Treatments that may follow sleep study
After a sleep study, patients may receive a variety of treatments depending on the type of sleep disorder diagnosed. Sleep disorders in some patients can be treated by making simple lifestyle modifications, such as maintaining consistent sleep and wake times, avoiding alcohol and caffeine before bed and exercising. Other patients are treated with medications, such as the newer non-benzodiazepine sedative-hypnotics.
Other techniques that may be used to treat sleep disorders include:
- Relaxation therapy. Methods such as progressive muscle relaxation, deep breathing techniques, imagery and self-hypnosis may help some people overcome sleep disorders.
- Cognitive behavior therapy(CBT). This may help patients identify thoughts and behaviors that contribute to sleep problems.
- Continuous positive airway pressure (CPAP). Device used to treat sleep apnea. It involves wearing a mask over the nose that blows air into the throat at a pressure level appropriate for the patient.
Questions for your doctor regarding sleep study
Preparing questions in advance can help patients to have more meaningful discussions with their physicians regarding their conditions. Patients may wish to ask their doctor the following sleep study-related questions:
- Might I benefit from a sleep study?
- Can you recommend a sleep study facility?
- How should I prepare for a sleep study? Should someone come with me?
- What physiological functions will be measured during my sleep study?

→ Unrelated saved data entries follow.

Lemma cyclic_pairsP G : reflect {in G &, forall x y, cyclic_pair x y} (cyclic G).
Proof.
apply: (iffP idP) => [cycG x y xG yG | cyc2].
  by apply: cyclicS cycG; rewrite gen_subG subUset !sub1set xG yG.
have [z zG max_z] := arg_maxnP (fun z => #[z]) (group1 G).
have {}zG : z \in G := zG.
apply/cyclicP; exists z; apply/eqP; rewrite eqEsubset cycle_subG zG andbT.
apply/subsetP=> y yG; have [w [def_w yw zw]] := cyclic_pair_gen (cyc2 _ _ yG zG).
have wG : w \in G by rewrite -cycle_subG -def_w gen_subG subUset !sub1set yG zG.
by rewrite (cycle_eq_order zw (max_z w wG)).
Qed.

Definition epg_dom (A : {set gT}) := [set x in A | [forall y in A, cyclic_pair x y]].

Lemma epg_domP G x :
  reflect (x \in G /\ {in G, forall y, cyclic_pair x y}) (x \in epg_dom G).
Proof.
rewrite inE; apply: (iffP andP) => [[xG /forall_inP] | [xG cyc_x]] //.
by split=> //; apply/forall_inP.
Qed.

Lemma group_set_epg_dom G : group_set (epg_dom G).
Proof.
apply/group_setP; split.
  by apply/epg_domP; split=> // y _; apply: cyclic_pair_cycle (group1 _) (cycle_id y).
move=> x1 x2 /epg_domP[x1G cyc_x1] /epg_domP[x2G cyc_x2].
apply/epg_domP; split=> [|y yG]; first exact: groupM.
have [w [def_w x1w yw]] := cyclic_pair_gen (cyc_x1 y yG).
have wG : w \in G by rewrite -cycle_subG -def_w gen_subG subUset !sub1set x1G yG.
have [u [_ x2u wu]] := cyclic_pair_gen (cyc_x2 w wG).
have sub_wu : <[w]> \subset <[u]> by rewrite cycle_subG.
apply: (cyclic_pair_cycle (w := u)); last exact: (subsetP sub_wu).
by rewrite groupM // (subsetP sub_wu).
Qed.

Canonical epg_dom_group G := Group (group_set_epg_dom G).

Lemma epg_dom_sub G : epg_dom G \subset G.
Proof. by apply/subsetP=> x /epg_domP[]. Qed.

Lemma cents_epg_dom G : G \subset 'C(epg_dom G).
Proof.
apply/centsP=> y yG x /epg_domP[_ cyc_x].
by apply: commute_sym; apply: cyclic_pair_commute; apply: cyc_x.
Qed.

Lemma cyclic_epg_dom G : cyclic (epg_dom G).
Proof.
apply/cyclic_pairsP=> x y /epg_domP[_ cyc_x] /epg_domP[yG _]; exact: cyc_x.
Qed.

End CyclicPairs.

Section CyclicPairsFibred.

Variables (gT : finGroupType) (G : {group gT}) (T : eqType) (one : T).
Variables (g : gT -> T) (n : nat).
Hypothesis cyclic_pairE :
  {in G &, forall x y, cyclic_pair x y = [|| g x == one, g y == one | g x == g y]}.
Hypothesis card_fibre : forall v, #|[set x in G | g x == v]| = n.
Hypothesis avoid2 : forall v, exists w, (w != one) && (w != v).

Local Notation fibre v := [set x in G | g x == v].

Lemma fibre_nonempty v : exists2 x, x \in G & g x = v.
Proof.
have /card_gt0P[x] : 0 < #|fibre v|.
  rewrite card_fibre -(card_fibre (g 1)).
  by apply/card_gt0P; exists 1; rewrite inE group1 /=.
by rewrite inE => /andP[xG /eqP]; exists x.
Qed.

Lemma cyclic_pair_fibre x z : x \in G -> z \in G -> g z != one ->
  cyclic_pair x z = (g x == one) || (g x == g z).
Proof. by move=> xG zG /negbTE z1; rewrite cyclic_pairE // z1. Qed.

Lemma fibre_one_epg_dom : fibre one = epg_dom G.
Proof.
apply/setP=> x; rewrite inE; apply/andP/epg_domP=> [[xG /eqP x1] | [xG cyc_x]].
  by split=> // y yG; rewrite cyclic_pairE // x1 eqxx.
split=> //; apply/negPn/negP=> x1.
have [w /andP[w1 wx]] := avoid2 (g x); have [y yG gy] := fibre_nonempty w.
move: (cyc_x y yG); rewrite cyclic_pairC cyclic_pair_fibre // gy.
by rewrite (negbTE w1) (negbTE wx).
Qed.

Lemma card_epg_dom : #|epg_dom G| = n.
Proof. by rewrite -fibre_one_epg_dom card_fibre. Qed.

Lemma cycle_fibre_one_fibre v : v != one ->
  exists z, <[z]> = fibre one :|: fibre v.
Proof.
move=> v1; have [x0 x0G gx0] := fibre_nonempty v.
have x0v : x0 \in fibre v by rewrite inE x0G gx0 eqxx.
have [z zv max_z] := arg_maxnP (fun z => #[z]) x0v.
have : z \in fibre v := zv; rewrite inE => /andP[zG /eqP gz].
have cyc_z y : y \in G -> cyclic_pair y z = (y \in fibre one :|: fibre v).
  by move=> yG; rewrite cyclic_pair_fibre ?gz // !inE yG.
exists z; apply/setP=> y; apply/idP/idP=> [yz | ].
  have yG : y \in G by apply: subsetP yz; rewrite cycle_subG.
  by rewrite -cyc_z //; apply: cyclic_pair_cycle yz (cycle_id z).
have [y1 | ] := boolP (y \in G); last by rewrite !inE => /negbTE->.
rewrite -cyc_z // => /cyclic_pair_gen[w [def_w yw zw]].
have wG : w \in G by rewrite -cycle_subG -def_w gen_subG subUset !sub1set y1 zG.
have : w \in fibre one :|: fibre v.
  by rewrite -cyc_z // cyclic_pairC; apply: cyclic_pair_cycle zw (cycle_id w).
rewrite in_setU fibre_one_epg_dom => /orP[w_dom | wv].
  have : z \in epg_dom G by apply: subsetP zw; rewrite cycle_subG.
  by rewrite -fibre_one_epg_dom inE zG gz (negbTE v1).
by rewrite (cycle_eq_order zw (max_z w wv)).
Qed.

Lemma expg2_epg_dom x : x \in G -> x ^+ 2 \in epg_dom G.
Proof.
move=> xG; have [x_dom | x_dom] := boolP (x \in epg_dom G); first exact: groupX.
have x1 : g x != one by rewrite -fibre_one_epg_dom inE xG in x_dom.
have [z def_z] := cycle_fibre_one_fibre x1.
have oz : #[z] = (2 * n)%N.
  rewrite /order def_z cardsU card_fibre card_fibre.
  suff -> : fibre one :&: fibre (g x) = set0 by rewrite cards0 subn0 mul2n addnn.
  apply/setP=> y; rewrite !inE; apply/negP=> /andP[/andP[_ /eqP y1] /andP[_ /eqP yx]].
  by move: x1; rewrite -yx y1 eqxx.
have dom_z2 : epg_dom G = <[z ^+ 2]>.
  apply/eqP; rewrite (eq_subG_cyclic (cycle_cyclic z)) ?cycle_subG ?groupX ?cycle_id //.
    by rewrite card_epg_dom -orderE orderXdiv oz ?dvdn_mulr // mulKn.
  by rewrite /= def_z -fibre_one_epg_dom subsetUl.
have /cycleP[k ->] : x \in <[z]> by rewrite def_z !inE xG eqxx orbT.
by rewrite dom_z2 -expgM mulnC expgM mem_cycle.
Qed.

End CyclicPairsFibred.

Lemma central_odd_dprod (gT : finGroupType) (G D : {group gT}) (m n : nat) :
    #|G| = (2 ^ m * n)%N -> odd n -> #|D| = n -> D \subset G ->
    G \subset 'C(D) -> {in G, forall x, x ^+ 2 \in D} ->
  exists S : {group gT}, [/\ S \x D = G, 2.-abelem S & #|S| = (2 ^ m)%N].
Proof.
move=> oG odd_n oD sDG cGD sqD.
have [S sylS] := Sylow_exists 2 G; have sSG := pHall_sub sylS.
have oS : #|S| = (2 ^ m)%N.
  rewrite (card_Hall sylS) oG partnM ?expn_gt0 ?(odd_gt0 odd_n) //.
  by rewrite part_pnat_id ?pnatX ?pnat_id // part_p'nat ?muln1 // -odd_2'nat.
have tiDS : D :&: S = 1 by apply: coprime_TIg; rewrite oD oS coprimeXr // coprimen2.
have sq1 s : s \in S -> s ^+ 2 = 1.
  move=> sS; have : s ^+ 2 \in D :&: S by rewrite inE sqD ?groupX ?(subsetP sSG).
  by rewrite tiDS => /set1P.
exists S; split=> //.
  rewrite dprodC dprodE ?(subset_trans sSG cGD) //.
  by apply/eqP; rewrite eqEcard mul_subG //= (TI_cardMg tiDS) oG oD oS mulnC.
apply/abelemP=> //; split=> //; apply/centsP=> s sS t tS.
have invE u : u \in S -> u^-1 = u by move=> uS; apply/eqP; rewrite eq_invg_mul -expg2 sq1.
by rewrite /commute -{1}(invE _ (groupM sS tS)) invMg !invE.
Qed.

Lemma cyclic_setX (aT bT : finGroupType) (A : {group aT}) (B : {group bT}) :
  cyclic A -> cyclic B -> coprime #|A| #|B| -> cyclic (setX A B).
Proof.
move=> cycA cycB coAB; rewrite (cyclic_dprod (setX_dprod A B)).
- by rewrite !cardsX !cards1 muln1 mul1n.
- by rewrite -(isog_cyclic (isog_setX1 _ A)).
by rewrite -(isog_cyclic (isog_set1X _ B)).
Qed.

Lemma cyclic_Zp n : cyclic (Zp n).
Proof. by rewrite /Zp; case: ifP => _; rewrite ?Zp_cycle ?cycle_cyclic ?cyclic1. Qed.

Lemma card_in_imset_sep (aT rT : finType) (f : aT -> rT) (A : {set aT}) (P : pred rT) :
  {in A &, injective f} -> #|[set x in A | P (f x)]| = #|[set y in f @: A | P y]|.
Proof.
move=> injf; rewrite -(card_in_imset (sub_in2 _ injf)); last by move=> x /setIdP[].
apply: eq_card=> y; apply/imsetP/setIdP=> [[x /setIdP[xA Pfx] ->] | ].
  by rewrite imset_f.
case=> /imsetP[x xA ->] Pfx.
by exists x; rewrite ?inE ?xA.
Qed.

Lemma epg_adj_cyclic_pair (gT hT : finGroupType) (G : {set gT}) (f : gT -> hT) :
    {in G &, injective f} ->
    {in G &, forall x y, epg_adj (f x) (f y) = epg_adj x y} ->
  {in G &, forall x y, cyclic_pair (f x) (f y) = cyclic_pair x y}.
Proof.
move=> injf adjf x y xG yG.
have [<- | xy] := eqVneq x y; first by rewrite !cyclic_pairxx.
by have := adjf x y xG yG; rewrite /epg_adj (inj_in_eq injf) // xy.
Qed.

Lemma isog_epg_isomorphic (gT hT : finGroupType) (G : {group gT}) (H : {group hT}) :
  G \isog H -> epg_isomorphic G H.
Proof.
case/isogP=> f injf imf; have injf' : {in G &, injective f} by apply/injmP.
exists f; split=> //; first by rewrite -morphimEdom.
move=> x y xG yG; rewrite /epg_adj (inj_in_eq injf') //; congr (_ && _).
have sxyG : [set x; y] \subset G by rewrite subUset !sub1set xG yG.
have -> : [set f x; f y] = f @* [set x; y] by rewrite morphimU !morphim_set1.
by rewrite -morphim_gen // injm_cyclic // gen_subG.
Qed.

Local Notation Z2m m := {dffun forall i : 'I_m, 'Z_2}.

- What sleep disorders may be diagnosed after my sleep study?
- What happens if I have trouble sleeping during the sleep study?
- Will the tests performed during my sleep study be uncomfortable or painful?
- What will happen after I get the results of my sleep study?
- Can I return to my normal daily activities following my sleep study?
- How long before the sleep study results are available? How will I learn of the results?
- Will I need to undergo repeat sleep testing? If so, how often?